Cooling rate optimization for zebrafish sperm cryopreservation using a cryomicroscope coupled with SYBR14/PI dual staining.

The Zebrafish has gained increased popularity as an aquatic model species in various research fields, and its widespread use has led to numerous mutant strains and transgenic lines. This creates the need to store these important genetic materials as frozen gametes. Sperm cryopreservation in zebrafish has been shown to yield very low post-thaw survival and many protocols suffer from great variability and poor reproducibility. The present study was intended to develop a freezing protocol that can be reliably used to cryopreserve zebrafish sperm with high post-thaw survival. In particular, our study focused on cooling protocol optimization with the aid of cryomicroscopy.

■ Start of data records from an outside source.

(* Let $\pi$ be a finite projective plane of order $q$, and let $A=(\mathcal P,\mathcal L,\mathcal I)$ consist of a set $\mathcal P$ of points of $\pi$ and a set $\mathcal L$ of lines of $\pi$, with the incidence $\mathcal I$ inherited from $\pi$, forming a linear space. Assume there is an integer $n$ with $1<n\le q$ such that no point of $\mathcal P$ is incident with more than $n+1$ lines of $\mathcal L$. Then: (a) if $|\mathcal P|=n^2+n+1$, then either $|\mathcal L|=1$ or $A$ is a subplane of $\pi$; (b) if $|\mathcal P|>n^2+n+1$, then $|\mathcal L|=1$.
   Context: A finite projective plane of order $q$ has $q^2+q+1$ points and lines, $q+1$ points on each line and $q+1$ lines through each point; any two distinct points lie on a unique line and any two lines meet in a unique point. $A$ being a linear space means: any two distinct points of $\mathcal P$ lie on exactly one line of $\mathcal L$, and each line of $\mathcal L$ contains at least two points of $\mathcal P$. A subplane of $\pi$ is a projective plane $(\mathcal P_0,\mathcal L_0,\mathcal I_0)$ with $\mathcal P_0$ a set of points of $\pi$, $\mathcal L_0$ a set of lines of $\pi$, and $\mathcal I_0$ contained in the incidence of $\pi$ (i.e. with inherited incidence, any two points of $\mathcal P_0$ lie on a unique line of $\mathcal L_0$, any two lines of $\mathcal L_0$ meet in a unique point of $\mathcal P_0$, each line of $\mathcal L_0$ has at least three points of $\mathcal P_0$, and there are four points of $\mathcal P_0$ no three on a line of $\mathcal L_0$). *)

From mathcomp Require Import all_boot.
Set Implicit Arguments. Unset Strict Implicit. Unset Printing Implicit Defensive.

Definition proj_plane (P L : finType) (inc : P -> L -> bool) (q : nat) : Prop :=
  [/\ #|P| = q ^ 2 + q + 1 /\ #|L| = q ^ 2 + q + 1,
      (forall l : L, #|[set x : P | inc x l]| = q.+1),
      (forall x : P, #|[set l : L | inc x l]| = q.+1),
      (forall x y : P, x != y -> #|[set l : L | inc x l && inc y l]| = 1) &
      (forall l m : L, l != m -> #|[set x : P | inc x l && inc x m]| = 1)].

Definition linear_space (P L : finType) (inc : P -> L -> bool)
    (Ps : {set P}) (Ls : {set L}) : Prop :=
  (forall x y, x \in Ps -> y \in Ps -> x != y ->
      #|[set l in Ls | inc x l && inc y l]| = 1) /\
  (forall l, l \in Ls -> 2 <= #|[set x in Ps | inc x l]|).

Definition subplane (P L : finType) (inc : P -> L -> bool)
    (Ps : {set P}) (Ls : {set L}) : Prop :=
  [/\ (forall x y, x \in Ps -> y \in Ps -> x != y ->
        #|[set l in Ls | inc x l && inc y l]| = 1),
      (forall l m, l \in Ls -> m \in Ls -> l != m ->
        #|[set x in Ps | inc x l && inc x m]| = 1),
      (forall l, l \in Ls -> 3 <= #|[set x in Ps | inc x l]|) &
      (exists a b c d : P,
        [/\ [&& a \in Ps, b \in Ps, c \in Ps & d \in Ps],
            [&& a != b, a != c, a != d, b != c, b != d & c != d] &
            (forall l, l \in Ls ->
               ~~ [&& inc a l, inc b l & inc c l] /\
               ~~ [&& inc a l, inc b l & inc d l] /\
               ~~ [&& inc a l, inc c l & inc d l] /\
               ~~ [&& inc b l, inc c l & inc d l])])].

From mathcomp Require Import all_boot zify.
Set Implicit Arguments. Unset Strict Implicit. Unset Printing Implicit Defensive.

(* Counting the other points along the lines through a point x of the linear
   space gives |P| = 1 + sum over the lines k through x of (|k| - 1).  A line
   not through x meets each of these lines at most once and is joined to x by
   all of its points, so once there are two lines every line has at most n + 1
   points, and hence |P| <= 1 + (n + 1) n.  Equality forces every point to lie
   on exactly n + 1 lines of exactly n + 1 points; then for lines l, m and a
   point x of l off m the same count shows that l meets m, and since n + 1 >= 3
   a quadrangle is easily found. *)

Lemma double_count (T U : finType) (r : T -> U -> bool) (A : {set T}) (B : {set U}) :
  \sum_(y in A) #|[set k in B | r y k]| = \sum_(k in B) #|[set y in A | r y k]|.
Proof.
have card_sum (V : finType) (C : {set V}) (p : pred V) :
    #|[set z in C | p z]| = \sum_(z in C) (p z : nat).
  rewrite -sum1_card big_mkcond [RHS]big_mkcond /=.
  by apply: eq_bigr => z _; rewrite inE; case: (z \in C); case: (p z).
under eq_bigr do rewrite card_sum.
by rewrite exchange_big /=; apply: eq_bigr => k _; rewrite card_sum.
Qed.

Lemma sum_leq_const_eq (T : finType) (A : {set T}) (f : T -> nat) (k : nat) :
  {in A, forall i, f i <= k} -> \sum_(i in A) f i = #|A| * k ->
  {in A, forall i, f i = k}.
Proof.
move=> f_le sum_eq i iA; apply/eqP; rewrite eqn_leq f_le //= leqNgt.
apply/negP => f_lt.
have : \sum_(j in A) f j < \sum_(j in A) k.
  rewrite (bigD1 i) // [X in _ < X](bigD1 i) //= -addSn.
  by apply: leq_add => //; apply: leq_sum => j /andP[jA _]; apply: f_le.
by rewrite sum_nat_const sum_eq ltnn.
Qed.

Lemma ltn_card_setD1 (T : finType) (A : {set T}) (x : T) (k : nat) :
  k.+1 < #|A| -> k < #|A :\ x|.
Proof. by rewrite (cardsD1 x A); case: (x \in A) => /=; lia. Qed.

Section LinearSpace.

Variables (P L : finType) (inc : P -> L -> bool) (Ps : {set P}) (Ls : {set L}).
Hypothesis LS : linear_space inc Ps Ls.

Definition points_on (l : L) : {set P} := [set x in Ps | inc x l].
Definition pencil (x : P) : {set L} := [set l in Ls | inc x l].

Definition quadrangle (a b c d : P) : Prop :=
  [/\ [&& a \in Ps, b \in Ps, c \in Ps & d \in Ps],
      [&& a != b, a != c, a != d, b != c, b != d & c != d] &
      (forall l, l \in Ls ->
         ~~ [&& inc a l, inc b l & inc c l] /\
         ~~ [&& inc a l, inc b l & inc d l] /\
         ~~ [&& inc a l, inc c l & inc d l] /\
         ~~ [&& inc b l, inc c l & inc d l])].

Lemma card_pencil_join (x y : P) :
  x \in Ps -> y \in Ps -> x != y -> #|[set k in pencil x | inc y k]| = 1.
Proof.
move=> xP yP xy; rewrite -(LS.1 x y xP yP xy).
by apply: eq_card => k; rewrite !inE andbA.
Qed.

Lemma join_exists (x y : P) :
  x \in Ps -> y \in Ps -> x != y -> exists2 k, k \in pencil x & inc y k.
Proof.
move=> xP yP xy; have /eqP/cards1P [k Hk] := card_pencil_join xP yP xy.
have : k \in [set k] by rewrite set11.
by rewrite -Hk inE => /andP[kx yk]; exists k.
Qed.

Lemma line_unique (a b : P) (l m : L) :
  a \in Ps -> b \in Ps -> a != b -> l \in Ls -> m \in Ls ->
  inc a l -> inc b l -> inc a m -> inc b m -> l = m.
Proof.
move=> aP bP ab lL mL al bl am bm.
have /eqP/cards1P [k Hk] := LS.1 a b aP bP ab.
have : l \in [set k] by rewrite -Hk inE lL al bl.
have : m \in [set k] by rewrite -Hk inE mL am bm.
by rewrite !inE => /eqP -> /eqP ->.
Qed.

Lemma exists_point_off_line (l m : L) (Y : {set P}) :
  l \in Ls -> m \in Ls -> l != m -> Y \subset points_on m -> 1 < #|Y| ->
  exists2 x, x \in Y & ~~ inc x l.
Proof.
move=> lL mL lm /subsetP Ym /card_gt1P [x [y [xY yY xy]]].
case xl: (inc x l); last by exists x; rewrite ?xl.
case yl: (inc y l); last by exists y; rewrite ?yl.
move: (Ym x xY) (Ym y yY); rewrite !inE => /andP[xP xm] /andP[yP ym].
by rewrite (line_unique xP yP xy lL mL xl yl xm ym) eqxx in lm.
Qed.

Lemma lines_nonempty : 1 < #|Ps| -> 0 < #|Ls|.
Proof.
case/card_gt1P => x [y [xP yP xy]]; have [k kx _] := join_exists xP yP xy.
by apply/card_gt0P; exists k; move: kx; rewrite inE => /andP[].
Qed.

Lemma card_points_pencil (x : P) (Y : {set P}) :
  x \in Ps -> Y \subset Ps :\ x ->
  #|Y| = \sum_(k in pencil x) #|[set y in Y | inc y k]|.
Proof.
move=> xP /subsetP sub_Y; rewrite -double_count -sum1_card.
apply: eq_bigr => y /sub_Y; rewrite !inE => /andP[yx yP].
by rewrite card_pencil_join // eq_sym.
Qed.

Lemma card_points_through (x : P) :
  x \in Ps -> #|Ps| = 1 + \sum_(k in pencil x) (#|points_on k| - 1).
Proof.
move=> xP; rewrite (cardsD1 x Ps) xP (card_points_pencil xP (subxx _)).
congr (_ + _); apply: eq_bigr => k; rewrite inE => /andP[_ xk].
rewrite (cardsD1 x (points_on k)) !inE xP xk addKn.
by apply: eq_card => y; rewrite !inE andbA.
Qed.

Lemma pencil_meets_line (x : P) (l : L) :
  l \in Ls -> ~~ inc x l ->
  {in pencil x, forall k, #|[set y in points_on l | inc y k]| <= 1}.
Proof.
move=> lL xl k; rewrite inE => /andP[kL xk].
apply/card_le1_eqP => a b; rewrite !inE => /andP[/andP[aP al] ak] /andP[/andP[bP bl] bk].
apply/eqP; apply: contraTT xl; rewrite eq_sym => ab.
by rewrite (line_unique aP bP ab lL kL al bl ak bk) xk.
Qed.

Lemma points_on_off_point (x : P) (l : L) :
  ~~ inc x l -> points_on l \subset Ps :\ x.
Proof.
move=> xl; apply/subsetP => y; rewrite !inE => /andP[yP yl]; rewrite yP andbT.
by apply: contraNneq xl => <-.
Qed.

Lemma card_line_le_pencil (x : P) (l : L) :
  x \in Ps -> l \in Ls -> ~~ inc x l -> #|points_on l| <= #|pencil x|.
Proof.
move=> xP lL xl; rewrite (card_points_pencil xP (points_on_off_point xl)).
by rewrite -sum1_card; apply: leq_sum; apply: pencil_meets_line.
Qed.

Lemma pencil_meets_line_once (x : P) (l : L) :
  x \in Ps -> l \in Ls -> ~~ inc x l -> #|points_on l| = #|pencil x| ->
  {in pencil x, forall k, #|[set y in points_on l | inc y k]| = 1}.
Proof.
move=> xP lL xl card_l; apply: sum_leq_const_eq (pencil_meets_line lL xl) _.
by rewrite muln1 -card_l (card_points_pencil xP (points_on_off_point xl)).
Qed.

Lemma not_collinear_off_line (a b c : P) (l : L) :
  a \in Ps -> b \in Ps -> a != b -> l \in Ls -> inc a l -> inc b l -> ~~ inc c l ->
  {in Ls, forall t, ~~ [&& inc a t, inc b t & inc c t]}.
Proof.
move=> aP bP ab lL al bl cl t tL; apply/and3P => -[a_t b_t c_t].
by rewrite (line_unique aP bP ab lL tL al bl a_t b_t) c_t in cl.
Qed.

Lemma exists_quadrangle :
  1 < #|Ls| -> {in Ls, forall l, 3 <= #|points_on l|} ->
  {in Ps, forall x, 3 <= #|pencil x|} -> exists a b c d, quadrangle a b c d.
Proof.
move=> /card_gt1P [l [m [lL mL lm]]] line_ge3 pencil_ge3.
have [c] := exists_point_off_line lL mL lm (subxx _) (LS.2 m mL).
rewrite inE => /andP[cP _] cl.
have /card_gt1P [a [b []]] := LS.2 l lL.
rewrite !inE => /andP[aP al] /andP[bP bl] ab.
have ca : c != a by apply: contraNneq cl => ->.
have cb : c != b by apply: contraNneq cl => ->.
have [kac kac_c akac] := join_exists cP aP ca.
have [kbc kbc_c bkbc] := join_exists cP bP cb.
(* d lies on a third line k through c, off l: no three of a, b, c, d are then
   collinear. *)
have /card_gt0P [k] : 0 < #|pencil c :\ kac :\ kbc|.
  exact: ltn_card_setD1 (ltn_card_setD1 _ (pencil_ge3 c cP)).
rewrite !inE => /and3P[k_kbc k_kac /andP[kL ck]].
have lk : l != k by apply: contraNneq cl => ->.
have [d] : exists2 d, d \in points_on k :\ c & ~~ inc d l.
  apply: (exists_point_off_line lL kL lk (subD1set _ _)).
  exact: ltn_card_setD1 (line_ge3 k kL).
rewrite !inE => /andP[dc /andP[dP dk]] dl.
have d_off (t : L) : t \in pencil c -> t != k -> ~~ inc d t.
  rewrite inE => /andP[tL ct] tk; apply: contra tk => dt.
  by rewrite (line_unique cP dP _ tL kL ct dt ck dk) // eq_sym.
move: kac_c kbc_c; rewrite !inE => /andP[kacL ckac] /andP[kbcL ckbc].
exists a, b, c, d; split.
- by rewrite aP bP cP dP.
- rewrite ab (eq_sym a c) ca (eq_sym b c) cb (eq_sym c d) dc /=.
  by rewrite andbT; apply/andP; split; apply: contraNneq dl => <-.
move=> t tL; split; [|split; [|split]].
- exact: not_collinear_off_line aP bP ab lL al bl cl t tL.
- exact: not_collinear_off_line aP bP ab lL al bl dl t tL.
- have := d_off kac; rewrite inE kacL ckac eq_sym k_kac => /(_ isT isT) dkac.
  rewrite eq_sym in ca.
  exact: not_collinear_off_line aP cP ca kacL akac ckac dkac t tL.
- have := d_off kbc; rewrite inE kbcL ckbc eq_sym k_kbc => /(_ isT isT) dkbc.
  rewrite eq_sym in cb.
  exact: not_collinear_off_line bP cP cb kbcL bkbc ckbc dkbc t tL.
Qed.

Section BoundedPencils.

Variable n : nat.
Hypotheses (Ls_gt1 : 1 < #|Ls|) (pencil_le : {in Ps, forall x, #|pencil x| <= n.+1}).

Lemma card_line_le (l : L) : l \in Ls -> #|points_on l| <= n.+1.
Proof.
move=> lL; have /card_gt0P [m] : 0 < #|Ls :\ l| by apply: ltn_card_setD1.
rewrite !inE => /andP[ml mL]; rewrite eq_sym in ml.
have [x] := exists_point_off_line lL mL ml (subxx _) (LS.2 m mL).
rewrite inE => /andP[xP _] xl.
exact: leq_trans (card_line_le_pencil xP lL xl) (pencil_le xP).
Qed.

Lemma sum_pencil_le (x : P) :
  \sum_(k in pencil x) (#|points_on k| - 1) <= #|pencil x| * n.
Proof.
rewrite -sum_nat_const; apply: leq_sum => k; rewrite inE => /andP[kL _].
by rewrite leq_subLR add1n card_line_le.
Qed.

Lemma card_points_le : #|Ps| <= n ^ 2 + n + 1.
Proof.
have [-> | [x xP]] := set_0Vmem Ps; first by rewrite cards0.
rewrite (card_points_through xP).
have := leq_trans (sum_pencil_le x) (leq_mul (pencil_le xP) (leqnn n)).
set S := \sum_(_ in _) _; rewrite -mulnn; lia.
Qed.

Section Extremal.

Hypotheses (n_gt1 : 1 < n) (card_Ps : #|Ps| = n ^ 2 + n + 1).

Lemma pencil_extremal (x : P) :
  x \in Ps -> #|pencil x| = n.+1 /\ {in pencil x, forall k, #|points_on k| = n.+1}.
Proof.
move=> xP; have := card_points_through xP; rewrite card_Ps -mulnn.
have := sum_pencil_le x; have := pencil_le xP.
set S := \sum_(_ in _) _; set c := #|pencil x| => c_le S_le S_eq.
have c_eq : c = n.+1 by nia.
split=> // k kx; have k_ge2 : 1 < #|points_on k|.
  by move: (kx); rewrite inE => /andP[kL _]; apply: LS.2.
have f_le : {in pencil x, forall k, #|points_on k| - 1 <= n}.
  by move=> t; rewrite inE => /andP[tL _]; rewrite leq_subLR add1n card_line_le.
have := sum_leq_const_eq f_le _ kx; rewrite -/S -/c c_eq.
by move=> /(_ ltac:(lia)); lia.
Qed.

Lemma card_line_extremal (l : L) : l \in Ls -> #|points_on l| = n.+1.
Proof.
move=> lL; have /card_gt0P [x] : 0 < #|points_on l| by apply: ltnW (LS.2 l lL).
rewrite inE => /andP[xP xl].
by apply: (pencil_extremal xP).2; rewrite inE lL xl.
Qed.

Lemma lines_meet (l m : L) :
  l \in Ls -> m \in Ls -> l != m -> #|[set x in Ps | inc x l && inc x m]| = 1.
Proof.
move=> lL mL lm; rewrite eq_sym in lm.
have [x] := exists_point_off_line mL lL lm (subxx _) (LS.2 l lL).
rewrite inE => /andP[xP xl] xm.
have [pencil_x _] := pencil_extremal xP.
have card_m : #|points_on m| = #|pencil x| by rewrite pencil_x card_line_extremal.
have <- := pencil_meets_line_once xP mL xm card_m (_ : l \in pencil x).
  by apply: eq_card => y; rewrite !inE andbA andbAC.
by rewrite inE lL xl.
Qed.

Lemma subplane_extremal : subplane inc Ps Ls.
Proof.
split.
- exact: LS.1.
- exact: lines_meet.
- by move=> l lL; rewrite card_line_extremal.
apply: exists_quadrangle => // [l lL | x xP].
  by rewrite card_line_extremal.
by rewrite (pencil_extremal xP).1.
Qed.

End Extremal.

End BoundedPencils.

End LinearSpace.

Theorem lemma4p3 (P L : finType) (inc : P -> L -> bool) (q : nat)
    (Ps : {set P}) (Ls : {set L}) (n : nat) :
  proj_plane inc q ->
  linear_space inc Ps Ls ->
  1 < n -> n <= q ->
  (forall x, x \in Ps -> #|[set l in Ls | inc x l]| <= n.+1) ->
  (#|Ps| = n ^ 2 + n + 1 -> #|Ls| = 1 \/ subplane inc Ps Ls) /\
  (n ^ 2 + n + 1 < #|Ps| -> #|Ls| = 1).
Proof.
move=> _ LS n_gt1 _ pencil_le.
have one_or_more_lines : n ^ 2 + n + 1 <= #|Ps| -> #|Ls| = 1 \/ 1 < #|Ls|.
  move=> Ps_ge; have : 0 < #|Ls| by apply: (lines_nonempty LS); lia.
  by case: (ltnP 1 #|Ls|) => [|Ls_le1 Ls_gt0]; [right | left; lia].
split=> [card_Ps | Ps_gt].
  have [|Ls_gt1] := one_or_more_lines (eq_leq (esym card_Ps)); first by left.
  by right; apply: (subplane_extremal LS Ls_gt1 pencil_le n_gt1 card_Ps).
have [//|Ls_gt1] := one_or_more_lines (ltnW Ps_gt).
by have := card_points_le LS Ls_gt1 pencil_le; lia.
Qed.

Specifically, sperm suspended in 8% DMSO or 4% MeOH were first incubated with live/dead fluorescent dyes (SYBR14/PI) and then cooled at various rates from 4°C to different intermediate stopping temperatures such as -10, -20, -30 and -80°C before rewarming to 35°C at the rate of 100°C/min. %PI-positive (dead) cells were monitored throughout the cooling process and this screening yielded an optimal rate of 25°C/min for this initial phase of freezing. We then tested the optimal cooling rate for the second phase of freezing from various intermediate stopping temperatures to -80°C before plunging into liquid nitrogen. Our finding yielded an optimal intermediate stopping temperature of -30°C and an optimal rate of 5°C/min for this second phase of freezing. When we further applied this two-step cooling protocol to the conventional controlled-rate freezer, the average post-thaw motility measured by CASA was 46.8 ± 6.40% across 11 males, indicating high post-thaw survival and consistent results among different individuals. Our study indicates that cryomiscroscopy is a powerful tool to devise the optimal cooling conditions for species with sperm that are very sensitive to cryodamage.